## Aim of the task
Set down exactly the lines below, starting at the one that contains "<= d(x_n,q)^2, hence" and ending at the one that contains "share the asymptotic", with both of those lines included and nothing else.

## Stored data entries
=-=-=-=-=

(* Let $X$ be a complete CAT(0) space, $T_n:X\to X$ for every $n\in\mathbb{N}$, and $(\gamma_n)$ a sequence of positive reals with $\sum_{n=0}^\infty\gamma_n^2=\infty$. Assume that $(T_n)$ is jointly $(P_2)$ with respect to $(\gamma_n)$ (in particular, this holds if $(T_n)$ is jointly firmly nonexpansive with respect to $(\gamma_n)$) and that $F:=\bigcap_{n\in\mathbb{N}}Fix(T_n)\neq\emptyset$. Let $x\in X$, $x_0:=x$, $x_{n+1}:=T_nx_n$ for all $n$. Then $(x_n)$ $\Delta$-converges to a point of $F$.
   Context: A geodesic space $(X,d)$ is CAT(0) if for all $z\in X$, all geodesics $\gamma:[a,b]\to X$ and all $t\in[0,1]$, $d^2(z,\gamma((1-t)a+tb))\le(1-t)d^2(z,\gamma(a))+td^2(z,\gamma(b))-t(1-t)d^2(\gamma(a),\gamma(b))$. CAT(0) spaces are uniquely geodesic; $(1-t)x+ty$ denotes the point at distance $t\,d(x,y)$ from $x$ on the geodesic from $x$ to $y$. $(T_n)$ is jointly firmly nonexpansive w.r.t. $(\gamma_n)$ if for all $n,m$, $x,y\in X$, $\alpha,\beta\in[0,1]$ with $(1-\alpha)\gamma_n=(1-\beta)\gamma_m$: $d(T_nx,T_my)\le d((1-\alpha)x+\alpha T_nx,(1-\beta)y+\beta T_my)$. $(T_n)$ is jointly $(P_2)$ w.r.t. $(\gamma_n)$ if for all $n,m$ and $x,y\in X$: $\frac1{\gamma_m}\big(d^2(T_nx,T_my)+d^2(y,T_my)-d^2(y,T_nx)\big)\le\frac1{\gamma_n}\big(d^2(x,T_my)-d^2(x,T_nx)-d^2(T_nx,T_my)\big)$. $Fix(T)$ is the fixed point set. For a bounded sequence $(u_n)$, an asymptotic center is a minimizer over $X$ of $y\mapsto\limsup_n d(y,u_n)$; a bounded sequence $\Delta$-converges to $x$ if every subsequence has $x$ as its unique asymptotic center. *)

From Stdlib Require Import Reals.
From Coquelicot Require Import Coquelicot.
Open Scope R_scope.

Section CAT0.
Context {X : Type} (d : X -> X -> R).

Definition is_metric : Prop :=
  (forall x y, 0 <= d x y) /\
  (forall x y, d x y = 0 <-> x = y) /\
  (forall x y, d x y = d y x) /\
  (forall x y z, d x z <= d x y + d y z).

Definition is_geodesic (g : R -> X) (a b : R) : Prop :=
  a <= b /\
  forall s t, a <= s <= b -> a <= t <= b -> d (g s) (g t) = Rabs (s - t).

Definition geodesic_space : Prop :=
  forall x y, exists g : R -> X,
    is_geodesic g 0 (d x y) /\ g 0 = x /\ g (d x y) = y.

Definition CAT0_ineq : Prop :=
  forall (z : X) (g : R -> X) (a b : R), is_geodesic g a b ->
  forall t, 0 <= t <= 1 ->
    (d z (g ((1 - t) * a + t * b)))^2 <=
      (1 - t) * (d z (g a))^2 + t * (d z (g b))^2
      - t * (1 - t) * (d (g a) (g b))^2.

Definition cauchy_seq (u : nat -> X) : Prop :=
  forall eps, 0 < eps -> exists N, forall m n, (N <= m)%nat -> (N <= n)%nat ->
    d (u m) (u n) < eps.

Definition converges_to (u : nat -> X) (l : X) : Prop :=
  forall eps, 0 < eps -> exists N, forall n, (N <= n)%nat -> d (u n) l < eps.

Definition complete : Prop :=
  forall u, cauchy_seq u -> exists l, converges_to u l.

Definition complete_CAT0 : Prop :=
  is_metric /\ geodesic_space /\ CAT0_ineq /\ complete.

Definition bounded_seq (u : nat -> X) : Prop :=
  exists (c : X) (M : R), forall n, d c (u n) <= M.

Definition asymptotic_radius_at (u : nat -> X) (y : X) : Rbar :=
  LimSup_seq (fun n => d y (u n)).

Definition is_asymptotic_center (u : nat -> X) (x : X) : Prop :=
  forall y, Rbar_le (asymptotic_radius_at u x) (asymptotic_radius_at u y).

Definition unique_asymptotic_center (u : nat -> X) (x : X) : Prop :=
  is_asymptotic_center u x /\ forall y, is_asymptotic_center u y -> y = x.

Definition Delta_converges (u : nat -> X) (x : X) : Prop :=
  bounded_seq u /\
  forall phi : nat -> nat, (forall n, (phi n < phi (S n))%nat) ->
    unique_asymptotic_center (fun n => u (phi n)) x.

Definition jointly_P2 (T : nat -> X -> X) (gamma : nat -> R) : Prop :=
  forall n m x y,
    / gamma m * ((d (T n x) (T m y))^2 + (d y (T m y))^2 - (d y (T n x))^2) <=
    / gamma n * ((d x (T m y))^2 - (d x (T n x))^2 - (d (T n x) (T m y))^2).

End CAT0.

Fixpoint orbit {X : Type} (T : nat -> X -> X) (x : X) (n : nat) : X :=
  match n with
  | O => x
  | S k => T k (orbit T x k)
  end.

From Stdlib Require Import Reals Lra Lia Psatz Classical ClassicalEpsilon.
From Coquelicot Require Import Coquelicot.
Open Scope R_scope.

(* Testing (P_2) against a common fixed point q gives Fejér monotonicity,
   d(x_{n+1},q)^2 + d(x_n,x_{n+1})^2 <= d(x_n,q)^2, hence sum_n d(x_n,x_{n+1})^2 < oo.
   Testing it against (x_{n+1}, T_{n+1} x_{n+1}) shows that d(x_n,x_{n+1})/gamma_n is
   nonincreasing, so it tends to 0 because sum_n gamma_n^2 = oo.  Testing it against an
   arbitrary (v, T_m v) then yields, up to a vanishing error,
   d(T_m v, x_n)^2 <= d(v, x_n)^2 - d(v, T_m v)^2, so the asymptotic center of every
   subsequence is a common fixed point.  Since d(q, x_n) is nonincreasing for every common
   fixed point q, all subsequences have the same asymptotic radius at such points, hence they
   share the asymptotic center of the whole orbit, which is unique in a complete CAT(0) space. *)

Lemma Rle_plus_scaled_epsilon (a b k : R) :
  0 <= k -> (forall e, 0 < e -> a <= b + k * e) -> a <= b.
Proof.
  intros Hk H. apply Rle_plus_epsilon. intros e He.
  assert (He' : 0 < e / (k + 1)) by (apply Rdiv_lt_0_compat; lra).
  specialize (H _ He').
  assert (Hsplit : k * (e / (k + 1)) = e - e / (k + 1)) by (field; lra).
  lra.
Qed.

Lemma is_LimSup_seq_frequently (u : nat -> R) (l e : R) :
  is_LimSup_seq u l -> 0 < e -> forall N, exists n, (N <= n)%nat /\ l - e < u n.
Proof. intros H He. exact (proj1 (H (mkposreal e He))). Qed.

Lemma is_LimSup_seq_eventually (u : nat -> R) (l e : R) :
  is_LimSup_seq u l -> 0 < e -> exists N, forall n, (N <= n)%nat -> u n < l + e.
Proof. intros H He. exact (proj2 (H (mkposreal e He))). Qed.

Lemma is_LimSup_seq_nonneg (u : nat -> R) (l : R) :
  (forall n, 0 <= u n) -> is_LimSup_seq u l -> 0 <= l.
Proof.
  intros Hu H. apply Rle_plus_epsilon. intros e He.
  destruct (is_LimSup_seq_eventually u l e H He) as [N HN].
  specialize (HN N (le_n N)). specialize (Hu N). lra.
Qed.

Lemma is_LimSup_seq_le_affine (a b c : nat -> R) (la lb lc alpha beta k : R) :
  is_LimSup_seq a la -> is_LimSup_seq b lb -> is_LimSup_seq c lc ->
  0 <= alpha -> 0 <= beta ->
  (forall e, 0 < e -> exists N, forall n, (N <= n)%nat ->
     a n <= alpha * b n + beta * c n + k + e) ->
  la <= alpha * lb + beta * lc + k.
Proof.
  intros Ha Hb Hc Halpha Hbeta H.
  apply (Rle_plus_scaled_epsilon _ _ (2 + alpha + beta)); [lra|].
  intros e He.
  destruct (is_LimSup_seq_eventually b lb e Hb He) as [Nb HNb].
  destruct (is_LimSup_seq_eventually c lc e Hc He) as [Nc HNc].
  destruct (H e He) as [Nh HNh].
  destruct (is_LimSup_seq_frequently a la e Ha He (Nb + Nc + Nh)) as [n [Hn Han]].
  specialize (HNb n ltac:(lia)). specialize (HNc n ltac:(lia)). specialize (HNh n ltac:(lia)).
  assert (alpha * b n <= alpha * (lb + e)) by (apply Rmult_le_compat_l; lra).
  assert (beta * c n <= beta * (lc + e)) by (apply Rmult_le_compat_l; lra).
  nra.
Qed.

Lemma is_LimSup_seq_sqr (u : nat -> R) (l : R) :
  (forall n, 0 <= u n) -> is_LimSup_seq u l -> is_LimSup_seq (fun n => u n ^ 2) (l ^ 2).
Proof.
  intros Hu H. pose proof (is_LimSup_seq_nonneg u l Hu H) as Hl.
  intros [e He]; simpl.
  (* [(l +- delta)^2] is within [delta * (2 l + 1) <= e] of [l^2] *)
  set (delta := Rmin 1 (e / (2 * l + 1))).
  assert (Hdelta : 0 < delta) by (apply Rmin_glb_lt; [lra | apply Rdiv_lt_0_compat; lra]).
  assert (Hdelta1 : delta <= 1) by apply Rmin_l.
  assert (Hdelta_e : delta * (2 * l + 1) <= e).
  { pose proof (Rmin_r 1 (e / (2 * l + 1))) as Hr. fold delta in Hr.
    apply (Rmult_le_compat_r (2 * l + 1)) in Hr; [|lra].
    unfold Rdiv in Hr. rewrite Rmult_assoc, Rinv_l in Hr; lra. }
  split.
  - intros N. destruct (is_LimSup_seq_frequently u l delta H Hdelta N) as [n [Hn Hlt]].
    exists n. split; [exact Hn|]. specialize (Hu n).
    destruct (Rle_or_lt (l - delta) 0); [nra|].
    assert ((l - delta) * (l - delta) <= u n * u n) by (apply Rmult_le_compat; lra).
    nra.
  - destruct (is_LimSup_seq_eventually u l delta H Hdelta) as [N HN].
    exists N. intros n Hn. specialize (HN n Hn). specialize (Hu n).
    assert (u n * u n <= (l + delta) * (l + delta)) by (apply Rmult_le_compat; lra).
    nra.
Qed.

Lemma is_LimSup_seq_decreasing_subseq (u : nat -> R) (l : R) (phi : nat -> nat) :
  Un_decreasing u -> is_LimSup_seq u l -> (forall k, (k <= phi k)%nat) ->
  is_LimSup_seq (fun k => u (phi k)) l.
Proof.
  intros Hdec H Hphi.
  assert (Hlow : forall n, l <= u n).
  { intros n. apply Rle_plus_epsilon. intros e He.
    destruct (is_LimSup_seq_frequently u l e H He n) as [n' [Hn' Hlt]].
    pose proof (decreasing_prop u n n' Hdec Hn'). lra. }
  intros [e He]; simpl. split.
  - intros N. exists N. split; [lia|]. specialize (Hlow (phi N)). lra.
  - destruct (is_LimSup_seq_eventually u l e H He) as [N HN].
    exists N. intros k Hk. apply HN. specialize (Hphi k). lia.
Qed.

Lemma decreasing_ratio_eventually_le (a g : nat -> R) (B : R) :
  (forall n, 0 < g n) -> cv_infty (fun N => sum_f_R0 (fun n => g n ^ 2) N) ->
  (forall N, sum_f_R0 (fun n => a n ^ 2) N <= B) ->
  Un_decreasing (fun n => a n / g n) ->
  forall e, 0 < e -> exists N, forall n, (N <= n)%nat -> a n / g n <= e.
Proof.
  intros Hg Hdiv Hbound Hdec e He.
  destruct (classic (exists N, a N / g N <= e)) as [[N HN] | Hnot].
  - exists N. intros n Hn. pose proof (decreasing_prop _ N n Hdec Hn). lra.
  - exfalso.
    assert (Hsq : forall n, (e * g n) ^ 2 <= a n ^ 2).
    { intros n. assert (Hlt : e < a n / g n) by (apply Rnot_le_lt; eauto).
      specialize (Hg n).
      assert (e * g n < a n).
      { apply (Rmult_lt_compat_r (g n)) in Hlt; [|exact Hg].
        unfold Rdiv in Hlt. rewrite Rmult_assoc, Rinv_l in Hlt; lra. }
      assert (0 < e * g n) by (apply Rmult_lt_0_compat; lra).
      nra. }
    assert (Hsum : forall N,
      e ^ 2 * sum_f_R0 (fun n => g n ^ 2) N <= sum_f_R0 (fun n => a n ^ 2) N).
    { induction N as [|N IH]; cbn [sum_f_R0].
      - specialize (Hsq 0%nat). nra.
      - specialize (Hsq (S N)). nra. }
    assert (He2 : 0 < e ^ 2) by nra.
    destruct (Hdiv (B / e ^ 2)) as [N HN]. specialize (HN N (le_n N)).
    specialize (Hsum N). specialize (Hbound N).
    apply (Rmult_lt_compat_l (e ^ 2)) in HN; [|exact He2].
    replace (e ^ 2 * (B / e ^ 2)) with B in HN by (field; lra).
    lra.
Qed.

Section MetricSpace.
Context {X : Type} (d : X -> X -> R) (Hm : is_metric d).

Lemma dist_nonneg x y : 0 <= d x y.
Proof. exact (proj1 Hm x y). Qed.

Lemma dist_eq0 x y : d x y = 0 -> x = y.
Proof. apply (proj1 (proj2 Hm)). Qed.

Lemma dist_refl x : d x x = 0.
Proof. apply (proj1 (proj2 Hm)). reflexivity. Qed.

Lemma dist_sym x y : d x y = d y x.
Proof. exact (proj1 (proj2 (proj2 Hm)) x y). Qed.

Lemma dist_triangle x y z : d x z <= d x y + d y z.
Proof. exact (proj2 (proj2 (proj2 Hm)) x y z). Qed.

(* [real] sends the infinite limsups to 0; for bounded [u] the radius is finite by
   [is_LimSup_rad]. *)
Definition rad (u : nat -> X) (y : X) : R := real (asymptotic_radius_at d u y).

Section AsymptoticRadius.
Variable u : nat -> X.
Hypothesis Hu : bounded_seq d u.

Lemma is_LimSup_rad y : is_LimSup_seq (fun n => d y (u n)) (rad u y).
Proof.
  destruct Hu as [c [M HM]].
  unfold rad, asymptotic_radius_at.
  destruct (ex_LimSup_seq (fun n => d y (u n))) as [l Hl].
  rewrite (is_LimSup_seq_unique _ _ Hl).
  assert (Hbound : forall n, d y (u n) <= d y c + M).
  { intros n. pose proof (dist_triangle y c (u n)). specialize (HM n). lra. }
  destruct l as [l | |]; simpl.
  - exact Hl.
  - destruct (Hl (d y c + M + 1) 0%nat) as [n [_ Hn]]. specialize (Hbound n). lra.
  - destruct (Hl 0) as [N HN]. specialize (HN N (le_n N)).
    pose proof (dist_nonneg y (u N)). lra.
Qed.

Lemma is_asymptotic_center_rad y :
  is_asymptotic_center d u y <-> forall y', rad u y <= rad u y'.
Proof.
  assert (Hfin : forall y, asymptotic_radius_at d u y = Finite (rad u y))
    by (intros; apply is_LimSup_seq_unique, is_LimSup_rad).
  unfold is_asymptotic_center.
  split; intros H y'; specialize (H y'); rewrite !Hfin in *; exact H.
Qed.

=-=-=-=-=

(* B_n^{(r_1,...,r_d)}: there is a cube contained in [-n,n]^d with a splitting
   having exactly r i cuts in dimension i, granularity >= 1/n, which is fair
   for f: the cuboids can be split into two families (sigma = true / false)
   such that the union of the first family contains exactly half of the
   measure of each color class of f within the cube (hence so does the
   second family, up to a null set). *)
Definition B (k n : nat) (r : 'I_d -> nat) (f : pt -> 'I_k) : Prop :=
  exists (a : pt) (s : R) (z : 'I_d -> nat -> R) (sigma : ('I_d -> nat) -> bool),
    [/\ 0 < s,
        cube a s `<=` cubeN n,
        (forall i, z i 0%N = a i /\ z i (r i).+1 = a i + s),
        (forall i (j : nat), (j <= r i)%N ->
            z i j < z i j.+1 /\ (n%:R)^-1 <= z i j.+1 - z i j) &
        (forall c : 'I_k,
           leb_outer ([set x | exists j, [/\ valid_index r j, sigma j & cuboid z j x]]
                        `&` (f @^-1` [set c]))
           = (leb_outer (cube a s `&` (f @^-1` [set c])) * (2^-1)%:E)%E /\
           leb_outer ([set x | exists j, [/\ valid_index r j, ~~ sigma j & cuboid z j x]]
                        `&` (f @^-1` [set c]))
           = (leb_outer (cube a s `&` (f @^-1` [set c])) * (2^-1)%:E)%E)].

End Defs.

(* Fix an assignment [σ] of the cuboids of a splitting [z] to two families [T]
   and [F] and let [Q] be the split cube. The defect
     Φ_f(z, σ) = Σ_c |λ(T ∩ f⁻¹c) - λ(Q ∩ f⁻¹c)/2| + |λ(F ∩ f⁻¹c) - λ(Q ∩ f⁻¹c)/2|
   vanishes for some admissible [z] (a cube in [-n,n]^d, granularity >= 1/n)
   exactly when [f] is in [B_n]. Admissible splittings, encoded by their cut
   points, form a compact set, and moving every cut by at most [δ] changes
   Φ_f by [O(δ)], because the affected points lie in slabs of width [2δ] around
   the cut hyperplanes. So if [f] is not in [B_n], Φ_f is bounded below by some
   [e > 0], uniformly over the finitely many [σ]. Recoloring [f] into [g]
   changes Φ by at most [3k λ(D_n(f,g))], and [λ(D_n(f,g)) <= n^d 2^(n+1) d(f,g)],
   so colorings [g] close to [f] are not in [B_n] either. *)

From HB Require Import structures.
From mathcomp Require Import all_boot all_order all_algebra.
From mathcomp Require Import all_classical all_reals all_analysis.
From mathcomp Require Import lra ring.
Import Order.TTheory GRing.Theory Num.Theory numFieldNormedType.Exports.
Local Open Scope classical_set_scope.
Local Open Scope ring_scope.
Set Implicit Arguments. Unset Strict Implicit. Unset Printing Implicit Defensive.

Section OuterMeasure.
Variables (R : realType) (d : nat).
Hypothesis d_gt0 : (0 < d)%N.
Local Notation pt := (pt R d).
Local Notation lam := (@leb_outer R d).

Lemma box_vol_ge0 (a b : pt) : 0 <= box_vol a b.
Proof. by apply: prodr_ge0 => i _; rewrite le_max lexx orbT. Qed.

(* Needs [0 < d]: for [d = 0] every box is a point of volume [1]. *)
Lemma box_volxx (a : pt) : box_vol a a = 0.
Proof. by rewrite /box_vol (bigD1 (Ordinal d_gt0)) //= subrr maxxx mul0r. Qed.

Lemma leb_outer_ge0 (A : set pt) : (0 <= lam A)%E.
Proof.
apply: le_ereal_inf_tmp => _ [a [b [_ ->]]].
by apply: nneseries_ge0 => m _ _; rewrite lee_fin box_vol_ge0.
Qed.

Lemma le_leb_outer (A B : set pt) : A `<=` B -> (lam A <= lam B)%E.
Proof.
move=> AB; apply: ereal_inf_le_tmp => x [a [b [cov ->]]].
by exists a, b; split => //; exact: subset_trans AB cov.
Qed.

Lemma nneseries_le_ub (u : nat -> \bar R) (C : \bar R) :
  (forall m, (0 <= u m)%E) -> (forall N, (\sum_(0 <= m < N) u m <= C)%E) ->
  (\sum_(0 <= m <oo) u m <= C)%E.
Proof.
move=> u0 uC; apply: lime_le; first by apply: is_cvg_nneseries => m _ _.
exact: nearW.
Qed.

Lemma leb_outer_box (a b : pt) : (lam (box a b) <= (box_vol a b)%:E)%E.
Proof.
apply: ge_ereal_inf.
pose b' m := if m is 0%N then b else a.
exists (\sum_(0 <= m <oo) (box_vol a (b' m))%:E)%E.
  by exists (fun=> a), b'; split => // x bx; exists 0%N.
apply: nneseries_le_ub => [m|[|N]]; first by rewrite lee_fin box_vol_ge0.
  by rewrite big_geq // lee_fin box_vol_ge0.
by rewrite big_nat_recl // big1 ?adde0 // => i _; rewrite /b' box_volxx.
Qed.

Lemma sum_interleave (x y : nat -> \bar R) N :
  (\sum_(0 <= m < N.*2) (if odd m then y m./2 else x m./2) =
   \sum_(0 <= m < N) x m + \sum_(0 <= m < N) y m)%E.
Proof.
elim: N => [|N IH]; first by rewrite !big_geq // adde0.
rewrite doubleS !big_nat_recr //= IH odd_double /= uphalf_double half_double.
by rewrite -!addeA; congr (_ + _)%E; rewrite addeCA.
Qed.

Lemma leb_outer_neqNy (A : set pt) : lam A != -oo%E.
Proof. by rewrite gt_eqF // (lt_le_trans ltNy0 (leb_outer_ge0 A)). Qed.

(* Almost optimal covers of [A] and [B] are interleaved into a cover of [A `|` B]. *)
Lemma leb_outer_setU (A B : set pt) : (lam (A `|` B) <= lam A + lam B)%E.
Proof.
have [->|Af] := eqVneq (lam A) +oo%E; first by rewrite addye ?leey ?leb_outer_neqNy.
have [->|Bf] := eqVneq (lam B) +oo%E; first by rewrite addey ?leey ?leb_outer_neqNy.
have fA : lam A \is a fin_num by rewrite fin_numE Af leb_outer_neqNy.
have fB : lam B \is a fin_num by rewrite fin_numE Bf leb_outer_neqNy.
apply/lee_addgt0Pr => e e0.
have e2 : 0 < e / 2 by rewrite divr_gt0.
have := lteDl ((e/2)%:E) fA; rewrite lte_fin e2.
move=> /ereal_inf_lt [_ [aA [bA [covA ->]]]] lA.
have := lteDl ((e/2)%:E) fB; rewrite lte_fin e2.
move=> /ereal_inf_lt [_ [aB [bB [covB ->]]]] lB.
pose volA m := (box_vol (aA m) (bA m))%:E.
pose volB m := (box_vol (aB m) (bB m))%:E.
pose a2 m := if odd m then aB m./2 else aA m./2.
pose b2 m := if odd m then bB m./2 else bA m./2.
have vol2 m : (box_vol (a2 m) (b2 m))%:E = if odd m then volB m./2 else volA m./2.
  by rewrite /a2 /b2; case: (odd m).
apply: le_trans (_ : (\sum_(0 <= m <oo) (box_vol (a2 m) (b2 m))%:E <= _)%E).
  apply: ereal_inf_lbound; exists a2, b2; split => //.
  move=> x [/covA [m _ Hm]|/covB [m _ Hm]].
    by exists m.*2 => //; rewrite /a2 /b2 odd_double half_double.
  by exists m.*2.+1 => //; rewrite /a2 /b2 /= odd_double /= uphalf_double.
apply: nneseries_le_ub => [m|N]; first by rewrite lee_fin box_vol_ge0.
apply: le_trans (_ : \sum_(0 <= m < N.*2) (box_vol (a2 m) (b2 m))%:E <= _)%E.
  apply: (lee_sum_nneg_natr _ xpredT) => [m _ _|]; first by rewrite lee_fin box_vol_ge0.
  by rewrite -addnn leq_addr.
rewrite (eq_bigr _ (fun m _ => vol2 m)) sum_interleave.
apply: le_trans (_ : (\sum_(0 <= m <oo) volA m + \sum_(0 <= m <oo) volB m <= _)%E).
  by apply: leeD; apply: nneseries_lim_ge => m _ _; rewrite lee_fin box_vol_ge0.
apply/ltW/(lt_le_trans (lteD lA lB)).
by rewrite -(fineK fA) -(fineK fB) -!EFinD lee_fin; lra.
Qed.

=-=-=-=-=

## Response to the exercise
   d(x_{n+1},q)^2 + d(x_n,x_{n+1})^2 <= d(x_n,q)^2, hence sum_n d(x_n,x_{n+1})^2 < oo.
   Testing it against (x_{n+1}, T_{n+1} x_{n+1}) shows that d(x_n,x_{n+1})/gamma_n is
   nonincreasing, so it tends to 0 because sum_n gamma_n^2 = oo.  Testing it against an
   arbitrary (v, T_m v) then yields, up to a vanishing error,
   d(T_m v, x_n)^2 <= d(v, x_n)^2 - d(v, T_m v)^2, so the asymptotic center of every
   subsequence is a common fixed point.  Since d(q, x_n) is nonincreasing for every common
   fixed point q, all subsequences have the same asymptotic radius at such points, hence they
   share the asymptotic center of the whole orbit, which is unique in a complete CAT(0) space. *)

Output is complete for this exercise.